Увидев лейтенанта, капитан улыбнулся:
             - А, Агеев. Ты у нас сегодня – герой дня! Орел! И бойцы у тебя – орлы! Пиши список – всех представлю к награде.  Как рота? -
             - Тридцать человек, станковый пулемет и два «ПТР»-
ответил лейтенант, насупившись.
             - Да, не густо. Если к завтрашнему утру бронебойщикам и нам не подвезут боеприпасы – «фрицы» нас сомнут. Как пить дать, сомнут! Что же делать? Как воевать будем, Агеев?  -

            - Есть одна мысль, товарищ капитан… Я считаю, что надо контратаковать. Именно сейчас, ночью. Скрытно, по лощине пробраться до березовой рощи, одновременно ударить по минометной батарее и по деревне. Уничтожить батарею, выбить немцев из деревни и закрепиться на их позициях. Здесь нам завтра не устоять!-

            - А ведь верно толкуешь, Агеев! Сейчас подойдут командиры рот и бронебойщики – все и решим! –

        И тут вдруг загудел зуммером долгожданный телефон.
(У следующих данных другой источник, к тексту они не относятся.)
Definition is_KL (iota : H -> H) (P : W -> W -> {poly int}) : Prop :=
  [/\ (forall w, P w w = 1),
      (forall x w, ~ bruhat_le gen x w -> P x w = 0),
      (forall x w, bruhat_le gen x w -> x <> w -> P x w != 0 ->
          (2 * (size (P x w)).-1 < len gen w - len gen x)%N) &
      (forall w, iota (Cp P w) = Cp P w)].

Definition jgen (st : S * S) : H :=
  fsum (fun w => if pbool (in_subgroup2 gen st.1 st.2 w) then T w else 0).

Definition in_J (h : H) : Prop :=
  exists l : seq (H * (S * S) * H),
    (forall z, z \in l -> J_pair gen z.1.2) /\
    h = \sum_(z <- l) z.1.1 * jgen z.1.2 * z.2.

Variables (TL : algType A) (sigma : H -> TL).

(* sigma : H -> TL is (isomorphic to) the projection H -> H / J *)
Definition is_TL_quotient : Prop :=
  [/\ (forall a h, sigma (a *: h) = a *: sigma h),
      (forall z : TL, exists h, sigma h = z) &
      (forall h, sigma h = 0 <-> in_J h)].

Definition tTL (w : W) : TL := sigma (T w).

Definition is_D (D : W -> W -> {poly int}) : Prop :=
  (forall w, tTL w = fsum (fun x =>
      if pbool (fully_commutative gen x /\ bruhat_le gen x w)
      then evq (D x w) *: tTL x else 0)) /\
  (forall x w, fully_commutative gen x -> ~ bruhat_le gen x w -> D x w = 0).

(* a-polynomials: iota(t_w) = q^{-l(w)} sum_{y in W_c, y <= w} a_{y,w} t_y,
   where iota(t_w) = sigma (iota (T_w)) is the induced involution *)
Definition is_a (iota : H -> H) (a : W -> W -> {poly int}) : Prop :=
  (forall w, fully_commutative gen w ->
     sigma (iota (T w)) = (v^-1) ^+ (2 * len gen w) *: fsum (fun y =>
        if pbool (fully_commutative gen y /\ bruhat_le gen y w)
        then evq (a y w) *: tTL y else 0)) /\
  (forall y w, fully_commutative gen y -> fully_commutative gen w ->
     ~ bruhat_le gen y w -> a y w = 0).

(* L-polynomials; L x w is a polynomial in q^{-1/2}, evaluated by evu *)
Definition is_L (bar : A -> A) (a L : W -> W -> {poly int}) : Prop :=
  forall x w, fully_commutative gen x -> fully_commutative gen w ->
  [/\ (~ bruhat_le gen x w -> L x w = 0),
      (x = w -> L x w = 1),
      (bruhat_le gen x w -> x <> w -> (L x w)`_0 = 0) &
      evu (L x w) = fsum (fun y =>
         if pbool (fully_commutative gen y /\ bruhat_le gen x y /\ bruhat_le gen y w)
         then v ^+ (len gen x) * (v^-1) ^+ (len gen y) * evq (a x y)
              * bar (evu (L y w))
         else 0)].

Definition c_elt (L : W -> W -> {poly int}) (w : W) : TL :=
  fsum (fun x => if pbool (fully_commutative gen x /\ bruhat_le gen x w)
                 then ((v^-1) ^+ (len gen x) * evu (L x w)) *: tTL x else 0).

Definition condition_P (P L : W -> W -> {poly int}) : Prop :=
  (forall w, fully_commutative gen w -> sigma (Cp P w) = c_elt L w) /\
  (forall w, ~ fully_commutative gen w -> sigma (Cp P w) = 0).

End Hecke.

(* Condition (P) says sigma(C'_w) = 0.  Writing
   C'_w = q^{-l(w)/2} sum_{y <= w} P_{y,w} T_y and projecting each T_y to
   t_y = sum_{z in W_c, z <= y} D_{z,y} t_z, we get
     q^{l(w)/2} sigma(C'_w) = sum_{z in W_c} (sum_{z <= y <= w} D_{z,y} P_{y,w}) t_z,
   so by linear independence of {t_z : z in W_c} every coefficient vanishes
   after evaluation at q; evaluation at q is injective on Z[q]. *)
From HB Require Import structures.
From mathcomp Require Import all_boot all_order all_algebra.
From Stdlib Require Import ClassicalEpsilon.
Set Implicit Arguments. Unset Strict Implicit. Unset Printing Implicit Defensive.
Import GRing.Theory.
Local Open Scope ring_scope.

Lemma pboolP (P : Prop) : reflect P (pbool P).
Proof. by rewrite /pbool; case: excluded_middle_informative => h; constructor. Qed.

Section FiniteSums.
Variables (I : eqType) (M : nmodType) (F : I -> M).

Lemma big_support_eq (s s' : seq I) :
  uniq s -> uniq s' -> (forall y, F y != 0 -> y \in s) ->
  (forall y, F y != 0 -> y \in s') ->
  \sum_(y <- s) F y = \sum_(y <- s') F y.
Proof.
move=> us us' hs hs'.
have restrict (a b : seq I) : (forall y, F y != 0 -> y \in b) ->
    \sum_(y <- a) F y = \sum_(y <- a | y \in b) F y.
  move=> hb; rewrite [RHS]big_mkcond; apply: eq_bigr => y _.
  case: (boolP (y \in b)) => // yNb; case: (eqVneq (F y) 0) => // /hb yb.
  by rewrite yb in yNb.
rewrite (restrict s s' hs') (restrict s' s hs) -big_filter -[RHS]big_filter.
apply/perm_big/uniq_perm; rewrite ?filter_uniq // => y.
by rewrite !mem_filter andbC.
Qed.

Lemma fsum_eq (s : seq I) :
  uniq s -> (forall y, F y != 0 -> y \in s) -> fsum F = \sum_(y <- s) F y.
Proof.
move=> us hs; rewrite /fsum.
have [u1 h1] : fin_support_seq F (epsilon (inhabits [::]) (fin_support_seq F)).
  by apply: epsilon_spec; exists s.
case: pboolP => [_|no_support]; first exact: big_support_eq.
by case: no_support; split.
Qed.

End FiniteSums.

Section Coxeter.
Variables (S : finType) (W : groupType) (gen : S -> W).
Hypothesis gen_spans : forall w : W, exists s : seq S, w = wprod gen s.

Lemma len_spec w :
  is_word_of gen w (len gen w) /\
  forall k, is_word_of gen w k -> (len gen w <= k)%N.
Proof.
rewrite /len; apply: (epsilon_spec (inhabits 0%N) (fun n =>
  is_word_of gen w n /\ forall k, is_word_of gen w k -> (n <= k)%N)).
have ex : exists n, pbool (is_word_of gen w n).
  by case: (gen_spans w) => s ->; exists (size s); apply/pboolP; exists s.
case: (ex_minnP ex) => n /pboolP hn hmin; exists n; split => // k hk.
exact/hmin/pboolP.
Qed.

Lemma bruhat_le_len x y : bruhat_le gen x y -> (len gen x <= len gen y)%N.
Proof.
elim=> [a b [t [_ [_ /ltnW //]]] | // | a b c _ h1 _ h2].
exact: leq_trans h1 h2.
Qed.

Fixpoint words_upto (n : nat) : seq (seq S) :=
  if n is n'.+1 then [::] :: [seq a :: t | a <- enum S, t <- words_upto n']
  else [:: [::]].

Lemma mem_words_upto n s : (size s <= n)%N -> s \in words_upto n.
Proof.
elim: n s => [|n IH] [|a t] //= h; rewrite inE; apply/orP; right.
by apply: (allpairs_f (fun a t => a :: t)); rewrite ?mem_enum // IH.
Qed.

(* A finite list of elements containing every element no longer than w,
   in particular every y <= w. *)
Definition ball (w : W) : seq W :=
  undup (map (wprod gen) (words_upto (len gen w))).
Комбат по- кошачьи - в один прыжок оказался у телефона и с рывком поднял трубку…
      
            
         После разговора с командиром полка и обсуждения с командирами рот предстоящей ночной контратаки, комбат повеселел и с каждым прощался за руку. Решено было начинать контратаку в  два тридцать ночи.

         Пройдя по позиции роты и каждому командиру поставив задачу, Агеев посмотрел на часы. Было два пятнадцать. Ветер стих. Темная кромка березовой рощи ясно вырисовывалась на фоне неба. Главная задача роты - скрытно выдвинувшись в район рощи, по сигналу зеленой ракеты, внезапно напасть и уничтожить минометную батарею. В случае успеха двигаться в направлении деревни, занятой немцами, и быть у комбата в резерве…

         До березовой рощи бойцы роты добрались во время и  без происшествий. Знакомые по утренней контратаке очертания позиций минометной батареи смутно вырисовывались сквозь ветви деревьев. Бойцы роты, затаив дыхание, заняли свои исходные позиции.

          Зеленая ракета, на миг, осветив все мертвенно-бледное пространство вокруг, взлетела над лесом. Бойцы сорвались со своих мест. Бой был коротким: звуки выстрелов, остервенелые крики немецких командиров, вопли и звериный рык бойцов дерущихся врукопашную: штыками, ножами, саперными  лопатками. Через полчаса рота лейтенанта Агеева, захватила позиции минометной батареи и большой склад боеприпасов. Чуть левее, за лугом  пылало зарево, слышались разрывы гранат, автоматные и пулеметные очереди  - батальон вел бой в деревне, и надо было спешить комбату на помощь. Но в этот момент со стороны дороги послышался звук моторов.  Десять крытых грузовиков с эмблемой «SS»  неожиданно появились из-за поворота!.. 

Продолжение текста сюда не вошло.